Unlike gay bars, which are anchored in particular parts of the city, club nights are spatially mobile events. “You have to look much deeper to see what’s really happening right now,” Laurie, the organizer of The Chateau in London, said to me. “I think queer nightlife is thriving, but things are just changing.” How so? I asked. “The way that queer people are operating now is outside of permanent venues. That doesn’t have to be the way that queer spaces operate.” How do you operate? “We are a temporary space; we’re a pop-up.”
The gay bar might be in trouble, but bars are not the sum total of nightlife.
I think loss can be an invitation to create something new. And so, the shuttering of gay bars has sparked a revolution through evolution. When you hear that word, revolution, it’s easy to imagine something big and dramatic and impossible to miss. But subtle or softer revolutions are also possible.

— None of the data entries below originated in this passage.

(* Let $\mathbb{D}$ be a disk in a Riemann surface with coordinate $\theta$ centered at $0$, let $V$ be a rank $2$ holomorphic vector bundle on $\mathbb{D}$ and $\beta$ a holomorphic section of $K\otimes S^2V$ on $\mathbb{D}$. Assume $\Delta:=\Delta_\beta\neq 0$, $\Delta^{-1}(0)=\{0\}$, and $\Delta$ has a holomorphic square root on $\mathbb{D}$. Let $r$ (resp. $z$) be the vanishing order of $\Delta$ (resp. $\beta$) at $0$. Then: (i) $r/2\geq z$; (ii) if $L_1,L_2\subset V$ are the line subbundles with $\beta\in H^0(K\otimes L_1\otimes L_2)$, there is an exact sequence of sheaves $$0\to L_1\oplus L_2\to V\to\mathcal{O}/\theta^{r/2-z}\mathcal{O}\to 0.$$
   Context: $K$ is the canonical bundle (trivial on the disk). The discriminant is defined fibrewise: for a basis $x,y$ of a $2$-dimensional space and $f=ax^2+bxy+cy^2$, $\Delta_f=(b^2-4ac)(x\wedge y)^2$; $\Delta_\beta$ is the section $\Delta\circ\beta$ of $K^2\otimes(\Lambda^2V)^2$. When $\Delta_\beta\neq0$ has a square root, there are two distinct line subbundles $L_1,L_2\subset V$ with $\beta$ a section of $K\otimes L_1\otimes L_2$. *)

From Stdlib Require Import Reals.
From Coquelicot Require Import Coquelicot.

Open Scope C_scope.

Definition near_ball (p : C) (e : R) (z : C) : Prop := (Cmod (z - p) < e)%R.

Definition holo_on (U : C -> Prop) (f : C -> C) : Prop :=
  forall z, U z -> ex_derive (K := C_AbsRing) (V := C_NormedModule) f z.

Definition germ_holo (p : C) (f : C -> C) : Prop :=
  exists e : R, (0 < e)%R /\ holo_on (near_ball p e) f.

Definition eq_near (p : C) (f g : C -> C) : Prop :=
  exists e : R, (0 < e)%R /\ forall w, near_ball p e w -> f w = g w.

Definition in_ideal_pow (p : C) (k : nat) (h : C -> C) : Prop :=
  exists u, germ_holo p u /\ eq_near p h (fun w => (w ^ k) * u w).

Definition vorder0 (f : C -> C) (n : nat) : Prop :=
  exists e : R, (0 < e)%R /\ exists g, holo_on (near_ball 0 e) g /\ g 0 <> 0 /\
    forall w, near_ball 0 e w -> f w = (w ^ n) * g w.

(* vanishing order at 0 of the section beta = a x^2 + b xy + c y^2 of
   K (x) S^2 V (V trivialised by the frame x,y; K by dtheta):
   theta^n divides all coefficients, and not theta^(n+1). *)
Definition sec_vorder0 (a b c : C -> C) (n : nat) : Prop :=
  exists e : R, (0 < e)%R /\ exists a' b' c',
    holo_on (near_ball 0 e) a' /\ holo_on (near_ball 0 e) b' /\
    holo_on (near_ball 0 e) c' /\
    ~ (a' 0 = 0 /\ b' 0 = 0 /\ c' 0 = 0) /\
    forall w, near_ball 0 e w ->
      a w = (w ^ n) * a' w /\ b w = (w ^ n) * b' w /\ c w = (w ^ n) * c' w.

Definition discr (a b c : C -> C) (w : C) : C := b w * b w - 4 * a w * c w.

(* Exactness, on the stalk at p, of
     0 -> L1 (+) L2 -> V -> O / theta^k O -> 0
   where L_i = O.v_i with v_i = (p_i, q_i) nowhere vanishing, the first map is
   (s,t) |-> s v1 + t v2 and the second is (x,y) |-> phi1 x + phi2 y mod theta^k. *)
Definition stalk_exact (p : C) (k : nat) (p1 q1 p2 q2 phi1 phi2 : C -> C) : Prop :=
  (forall s t, germ_holo p s -> germ_holo p t ->
     eq_near p (fun w => s w * p1 w + t w * p2 w) (fun _ => 0) ->
     eq_near p (fun w => s w * q1 w + t w * q2 w) (fun _ => 0) ->
     eq_near p s (fun _ => 0) /\ eq_near p t (fun _ => 0)) /\
  (forall x y, germ_holo p x -> germ_holo p y ->
     (in_ideal_pow p k (fun w => phi1 w * x w + phi2 w * y w) <->
      exists s t, germ_holo p s /\ germ_holo p t /\
        eq_near p x (fun w => s w * p1 w + t w * p2 w) /\
        eq_near p y (fun w => s w * q1 w + t w * q2 w))) /\
  (forall g, germ_holo p g ->
     exists x y, germ_holo p x /\ germ_holo p y /\
       in_ideal_pow p k (fun w => phi1 w * x w + phi2 w * y w - g w)).

(* (i): [Delta = theta^(2 z) (b'^2 - 4 a' c')] and [Delta = theta^r g] with [g 0 <> 0] force [2 z <= r].
   (ii): let [d = det (v1, v2)].  The map [(x, y) |-> det (v1, (x, y))] is onto [O] because [v1] does
   not vanish, and [det (v1, s v1 + t v2) = t d]; so the kernel of [V -> O / theta^k O] is
   [L1 (+) L2] as soon as [d = theta^k u] with [u] a unit.  Since [beta = f v1 v2] with [v1 v2] nowhere
   zero, [f = theta^z f'] with [f'] a unit, and [Delta = (f d)^2]; hence [(f' d)^2 = theta^m g] with
   [m = r - 2 z].  If [s] is a holomorphic square root of [g], then [f' d / (theta^(m/2) s)] is
   continuous with square [1] on a punctured disk, hence constant as the punctured disk is connected.
   For odd [m] the same argument applied to the odd function [w |-> f' d (w^2) / (w^m s (w^2))] gives
   a contradiction. *)

From Stdlib Require Import Reals Lra Lia Classical.
From Coquelicot Require Import Coquelicot.
Open Scope C_scope.

(** * Complex differentiability and germs *)

Notation Cderivable f x := (ex_derive (K := C_AbsRing) (V := C_NormedModule) f x).
Notation is_Cderive f x l := (is_derive (K := C_AbsRing) (V := C_NormedModule) f x l).

(* [germ_holo p f] and [eq_near p f g] unfold to [near p (fun w => Cderivable f w)] and
   [near p (fun w => f w = g w)]. *)
Definition near (p : C) (P : C -> Prop) : Prop :=
  exists e : R, (0 < e)%R /\ forall w, near_ball p e w -> P w.

Definition Ccontinuous_at (f : C -> C) (x : C) : Prop :=
  forall eps : R, (0 < eps)%R -> near x (fun y => Cmod (f y - f x) < eps)%R.

(* Coquelicot's rules for products and compositions are stated for
   [AbsRing_NormedModule C_AbsRing], which is not convertible to [C_NormedModule]. *)
Lemma is_Cderive_AbsRing (f : C -> C) (x l : C) :
  is_Cderive f x l <-> is_derive (K := C_AbsRing) (V := AbsRing_NormedModule C_AbsRing) f x l.
Proof.
  split; intros [_ H]; (split; [apply is_linear_scal_l|]);
    intros x' Hx' eps; exact (H x' Hx' eps).
Qed.

Lemma is_Cderive_eps (f : C -> C) (x l : C) :
  (forall eps : R, (0 < eps)%R -> exists d : R, (0 < d)%R /\ forall y, near_ball x d y ->
     (Cmod (f y - f x - (y - x) * l) <= eps * Cmod (y - x))%R) ->
  is_Cderive f x l.
Proof.
  intros H. split; [apply is_linear_scal_l|].
  intros x' Hx'.
  apply (is_filter_lim_locally_unique (K := C_AbsRing) (V := AbsRing_NormedModule C_AbsRing)) in Hx'.
  subst x'. intros eps.
  destruct (H eps (cond_pos eps)) as [d [Hd Hfd]].
  exists (mkposreal d Hd). exact Hfd.
Qed.

Lemma Cderivable_continuous (f : C -> C) (x : C) : Cderivable f x -> Ccontinuous_at f x.
Proof.
  intros Hf eps Heps.
  destruct (proj1 (filterlim_locally_ball_norm (F := @locally (AbsRing_UniformSpace C_AbsRing) x) f (f x))
              (ex_derive_continuous f x Hf) (mkposreal eps Heps)) as [d Hd].
  exists d. split; [apply cond_pos | exact Hd].
Qed.

Lemma Cderivable_const (a x : C) : Cderivable (fun _ => a) x.
Proof. eexists. apply (is_derive_const (K := C_AbsRing) (V := C_NormedModule)). Qed.

Lemma Cderivable_id (x : C) : Cderivable (fun y => y) x.
Proof. exists one. apply is_Cderive_AbsRing, (is_derive_id (K := C_AbsRing)). Qed.
Lemma filterlim_Cpser_gauss_0 (K : R) (b : nat -> C) :
  (forall l, Cmod (b l) <= K * weight q s l) ->
  filterlim (fun y => Cmult (Cpser b y) (gauss_q q y)) (@locally' C_UniformSpace (RtoC 0))
    (locally (Cmult (Cpser b (RtoC 0)) (gauss_q q (RtoC 0)))).
Proof.
  intros Hb. rewrite (Cpser_0 K b Hb), gauss_q_0, Cmult_1_r.
  set (A := K * weight_series_tail). set (B := 6 / (1 - q ^ 2)).
  assert (HB : 0 <= B) by (apply Rdiv_le_0_compat; nra).
  apply (filterlim_locally'_0_of_Cmod_le _ _ (Rmin 1 ((1 - q ^ 2) / 6)) (A * (1 + B) + Cmod (b O) * B));
    [apply Rmin_pos; nra|].
  intros y Hy _.
  assert (Hy1 := Cmod_Cpser_sub_coef0_le K b y Hb ltac:(generalize (Rmin_l 1 ((1 - q ^ 2) / 6)); lra)).
  assert (Hy2 := gauss_q_sub1_le q y Hq ltac:(generalize (Rmin_r 1 ((1 - q ^ 2) / 6)); lra)).
  fold A in Hy1. fold B in Hy2.
  assert (0 <= Cmod y <= 1) by (split; [apply Cmod_ge_0 | generalize (Rmin_l 1 ((1 - q ^ 2) / 6)); lra]).
  assert (HE : Cmod (gauss_q q y) <= 1 + B).
  { replace (gauss_q q y) with (Cplus (RtoC 1) (Cminus (gauss_q q y) (RtoC 1))) by (unfold Cminus; ring).
    eapply Rle_trans; [apply Cmod_triangle|]. rewrite Cmod_1. nra. }
  replace (Cminus (Cmult (Cpser b y) (gauss_q q y)) (b O))
    with (Cplus (Cmult (Cminus (Cpser b y) (b O)) (gauss_q q y)) (Cmult (b O) (Cminus (gauss_q q y) (RtoC 1))))
    by (unfold Cminus; ring).
  eapply Rle_trans; [apply Cmod_triangle|]. rewrite !Cmod_mult.
  generalize (Cmod_ge_0 (Cminus (Cpser b y) (b O))) (Cmod_ge_0 (b O)) (Cmod_ge_0 (gauss_q q y)). intros.
  assert (Cmod (Cminus (Cpser b y) (b O)) * Cmod (gauss_q q y) <= A * Cmod y * (1 + B))
    by (apply Rmult_le_compat; lra).
  assert (Cmod (b O) * Cmod (Cminus (gauss_q q y) (RtoC 1)) <= Cmod (b O) * (B * Cmod y))
    by (apply Rmult_le_compat_l; lra).
  nra.
Qed.

(* At [x = 0] the q-derivative is defined as a limit, which exists because the representation
   [qdiffquot_Cpser_gauss] holds on a punctured neighbourhood of [0] and its right-hand side is
   continuous at [0]. *)
Lemma qderiv_Cpser_gauss (K : R) (b : nat -> C) (F : C -> C) :
  s * s * q <= 1 -> 0 <= K ->
  (forall l, Cmod (b l) <= K * weight q s l) ->
  (forall y, in_strip y -> F y = Cmult (Cpser b y) (gauss_q q y)) ->
  forall x, in_strip x -> qderiv q F x = Cmult (Cpser (coef_qderiv q b) x) (gauss_q q x).
Proof.
  intros Hsq HK Hb HF x Hx. unfold qderiv.
  destruct (Req_EM_T (Re x) 0) as [H1|H1]; destruct (Req_EM_T (Im x) 0) as [H2|H2];
    try (apply (qdiffquot_Cpser_gauss K); auto; intros ->; simpl in *; congruence).
  destruct x as [x1 x2]. simpl in H1, H2. subst. change (0, 0) with (RtoC 0).
  apply lim_locally'_0.
  apply (filterlim_ext_loc (fun y => Cmult (Cpser (coef_qderiv q b) y) (gauss_q q y))).
  - exists (mkposreal (/ 2) ltac:(lra)). intros y Hy Hy0.
    apply Cmod_lt_of_ball in Hy. simpl in Hy. rewrite Cminus_0_r in Hy.
    symmetry. apply (qdiffquot_Cpser_gauss K); auto.
    apply in_strip_of_Cmod_lt. generalize sqrt2_lt_2. lra.
  - apply (filterlim_Cpser_gauss_0 (K * growth q s * inv_qpoch_sup q)).
    intros l. rewrite <- (pow_1 (growth q s)). exact (coef_qderiv_n_bound q s K b Hq Hs Hsq HK Hb 1 l).
Qed.

Lemma qderiv_n_Cpser_gauss (K : R) (a : nat -> C) (h : C -> C) :
  s * s * q <= 1 -> 0 <= K ->
  (forall l, Cmod (a l) <= K * weight q s l) ->
  (forall y, in_strip y -> h y = Cmult (Cpser a y) (gauss_q q y)) ->
  forall e x, in_strip x -> qderiv_n q e h x = Cmult (Cpser (coef_qderiv_n q e a) x) (gauss_q q x).
Proof.
  intros Hsq HK Ha Hh e. induction e as [|e IH]; [exact Hh|].
  apply (qderiv_Cpser_gauss (K * growth q s ^ e * inv_qpoch_sup q)); [exact Hsq | | | exact IH].
  - apply Rmult_le_pos; [apply Rmult_le_pos; [exact HK | apply pow_le, Rlt_le, growth_pos; assumption]|].
    apply Rlt_le, exp_pos.
  - exact (coef_qderiv_n_bound q s K a Hq Hs Hsq HK Ha e).
Qed.

Section SumOfPowerSeries.

Variables (K Sa : R) (b : nat -> nat -> C) (al : nat -> R).
Hypothesis HSa : is_series al Sa.
Hypothesis Hb : forall e l, Cmod (b e l) <= al e * K * weight q s l.

Lemma is_series_Csum_col (l : nat) : is_series (fun e => b e l) (Csum (fun e => b e l)).
Proof.
  apply is_series_Csum, ex_series_Cmod_le with (b := fun e => al e * (K * weight q s l)).
  - intros e. rewrite <- Rmult_assoc. apply Hb.
  - apply ex_series_scal_r. eexists; exact HSa.
Qed.

Lemma Cmod_Csum_col_le (l : nat) : Cmod (Csum (fun e => b e l)) <= Sa * K * weight q s l.
Proof.
  rewrite Rmult_assoc.
  apply (is_series_Cmod_le _ _ (fun e => al e * (K * weight q s l)) _ (is_series_Csum_col l)).
  - now apply is_series_scal_r.
  - intros e. rewrite <- Rmult_assoc. apply Hb.
Qed.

Whether in Britain, the U.S. or here in Canada, club nights are places where queer, trans and BIPOC groups imagine something grand, like infinite horizons of intentional inclusion, and enact that vision on the dance floor. These parties create “a space that allows you to starfish and stretch out,” one partygoer remarked in joyous tones. I smiled and repeated the phrase, to starfish and stretch out. “Yeah, to starfish out. That’s what I want to do. In most spaces, I don’t necessarily feel I can starfish,” but at club nights, “you feel at home, like you can just take up the whole bed.”